To do:
All lines from the one with "exists u : gmap" to the end of the listing below are to be transcribed exactly; both end lines are included, and no other lines are.

Working data:

(* Let $G,H,K$ be pro-oligomorphic groups with $G$ split, and let $\Phi:\mathbf{S}(G)\to\mathbf{S}(K)$ and $\Psi:\mathbf{S}(H)\to\mathbf{S}(K)$ be exact functors. Suppose that $\Phi(X)\times\Psi(Y)$ is a transitive $K$-set whenever $X\in\mathbf{S}(G)$ and $Y\in\mathbf{S}(H)$ are transitive. Let $X$ be a transitive $G$-set, $Y$ a transitive $H$-set, and $Z$ a quotient of the $K$-set $\Phi(X)\times\Psi(Y)$. Then there exist a quotient $X'$ of $X$ and a quotient $Y'$ of $Y$ such that $Z\cong\Phi(X')\times\Psi(Y')$.
   Context: A pro-oligomorphic group is a Hausdorff topological group in which open subgroups form a neighborhood basis of the identity and $U\backslash G/V$ is finite for all open subgroups $U,V$. $\mathbf{S}(G)$ is the category of $G$-sets, i.e. sets with an action having open stabilizers and finitely many orbits, with $G$-equivariant maps; it has finite limits and colimits, computed on underlying sets. A functor between such categories is exact if it commutes with finite limits and finite colimits. $G$ is split if for every pro-oligomorphic $H$, every transitive $(G\times H)$-set is isomorphic to $X\times Y$ with $X$ a transitive $G$-set and $Y$ a transitive $H$-set. A quotient of a $K$-set $W$ is a $K$-set $Z$ together with a surjective $K$-map $W\to Z$. *)

From HB Require Import structures.
From mathcomp Require Import all_boot all_order all_algebra.
From mathcomp Require Import all_classical topology.
From Stdlib Require List.
Set Implicit Arguments. Unset Strict Implicit. Unset Printing Implicit Defensive.
Local Open Scope classical_set_scope.

(* Raw topological-group data: a topological space with group operations.
   The axioms are imposed separately by [is_pro_oligomorphic]. *)
Record topGrp := TopGrp {
  tg_car : topologicalType;
  tg_mul : tg_car -> tg_car -> tg_car;
  tg_one : tg_car;
  tg_inv : tg_car -> tg_car }.
Coercion tg_car : topGrp >-> topologicalType.

Definition is_subgroup (G : topGrp) (V : set G) : Prop :=
  V (tg_one G) /\ forall x y, V x -> V y -> V (tg_mul x (tg_inv y)).

Definition open_subgroup (G : topGrp) (V : set G) : Prop :=
  open V /\ is_subgroup V.

Definition is_pro_oligomorphic (G : topGrp) : Prop :=
      (forall x y z : G, tg_mul x (tg_mul y z) = tg_mul (tg_mul x y) z) /\
      (forall x : G, tg_mul (tg_one G) x = x) /\
      (forall x : G, tg_mul (tg_inv x) x = tg_one G) /\
      continuous (fun p : G * G => tg_mul p.1 p.2) /\ continuous (@tg_inv G) /\
      hausdorff_space G /\
      (forall U : set G, nbhs (tg_one G) U ->
         exists V : set G, open_subgroup V /\ V `<=` U) /\
      (forall U V : set G, open_subgroup U -> open_subgroup V ->
         exists s : seq G, forall x : G, exists g, List.In g s /\
           exists u v, U u /\ V v /\ x = tg_mul (tg_mul u g) v).

Definition prod_topGrp (G H : topGrp) : topGrp :=
  @TopGrp (G * H)%type
    (fun p q => (tg_mul p.1 q.1, tg_mul p.2 q.2))
    (tg_one G, tg_one H)
    (fun p => (tg_inv p.1, tg_inv p.2)).

Record gset (G : topGrp) := GSet {
  gs_car :> Type;
  gs_act : G -> gs_car -> gs_car;
  gs_act1 : forall x, gs_act (tg_one G) x = x;
  gs_actM : forall g h x, gs_act g (gs_act h x) = gs_act (tg_mul g h) x;
  gs_open_stab : forall x, open [set g | gs_act g x = x];
  gs_fin_orbits : exists s : seq gs_car,
      forall x, exists y, List.In y s /\ exists g, x = gs_act g y }.
Arguments gs_act {G} X g x : rename.

(* Morphisms of S(G): G-equivariant maps. Equality of morphisms is
   pointwise equality of the underlying maps. *)
Record gmap (G : topGrp) (X Y : gset G) := GMap {
  gm_fun :> X -> Y;
  gm_equiv : forall g x, gm_fun (gs_act X g x) = gs_act Y g (gm_fun x) }.

Definition gmap_id (G : topGrp) (X : gset G) : gmap X X :=
  @GMap G X X id (fun g x => erefl).

Definition gmap_comp (G : topGrp) (X Y Z : gset G) (g : gmap Y Z) (f : gmap X Y)
  : gmap X Z.
Proof.
refine (@GMap G X Z (fun x => g (f x)) _).
by move=> k x; rewrite gm_equiv gm_equiv.
Defined.

Definition transitive_action (A T : Type) (act : A -> T -> T) : Prop :=
  (exists x : T, True) /\ forall x y : T, exists a, act a x = y.

Definition transitive_gset (G : topGrp) (X : gset G) : Prop :=
  transitive_action (gs_act X).

Definition is_terminal (G : topGrp) (T : gset G) : Prop :=
  forall X : gset G, exists f : gmap X T,
    forall f' : gmap X T, forall x, f' x = f x.

Definition is_initial (G : topGrp) (I : gset G) : Prop :=
  forall X : gset G, exists f : gmap I X,
    forall f' : gmap I X, forall x, f' x = f x.

Definition is_pullback (G : topGrp) (X Y Z P : gset G)
  (f : gmap X Z) (g : gmap Y Z) (p1 : gmap P X) (p2 : gmap P Y) : Prop :=
  (forall p, f (p1 p) = g (p2 p)) /\
  forall (T : gset G) (a : gmap T X) (b : gmap T Y),
    (forall t, f (a t) = g (b t)) ->
    exists u : gmap T P,
      ((forall t, p1 (u t) = a t) /\ (forall t, p2 (u t) = b t)) /\
      forall u' : gmap T P,
        (forall t, p1 (u' t) = a t) -> (forall t, p2 (u' t) = b t) ->
        forall t, u' t = u t.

Solution below:
    exists u : gmap T P,
      ((forall t, p1 (u t) = a t) /\ (forall t, p2 (u t) = b t)) /\
      forall u' : gmap T P,
        (forall t, p1 (u' t) = a t) -> (forall t, p2 (u' t) = b t) ->
        forall t, u' t = u t.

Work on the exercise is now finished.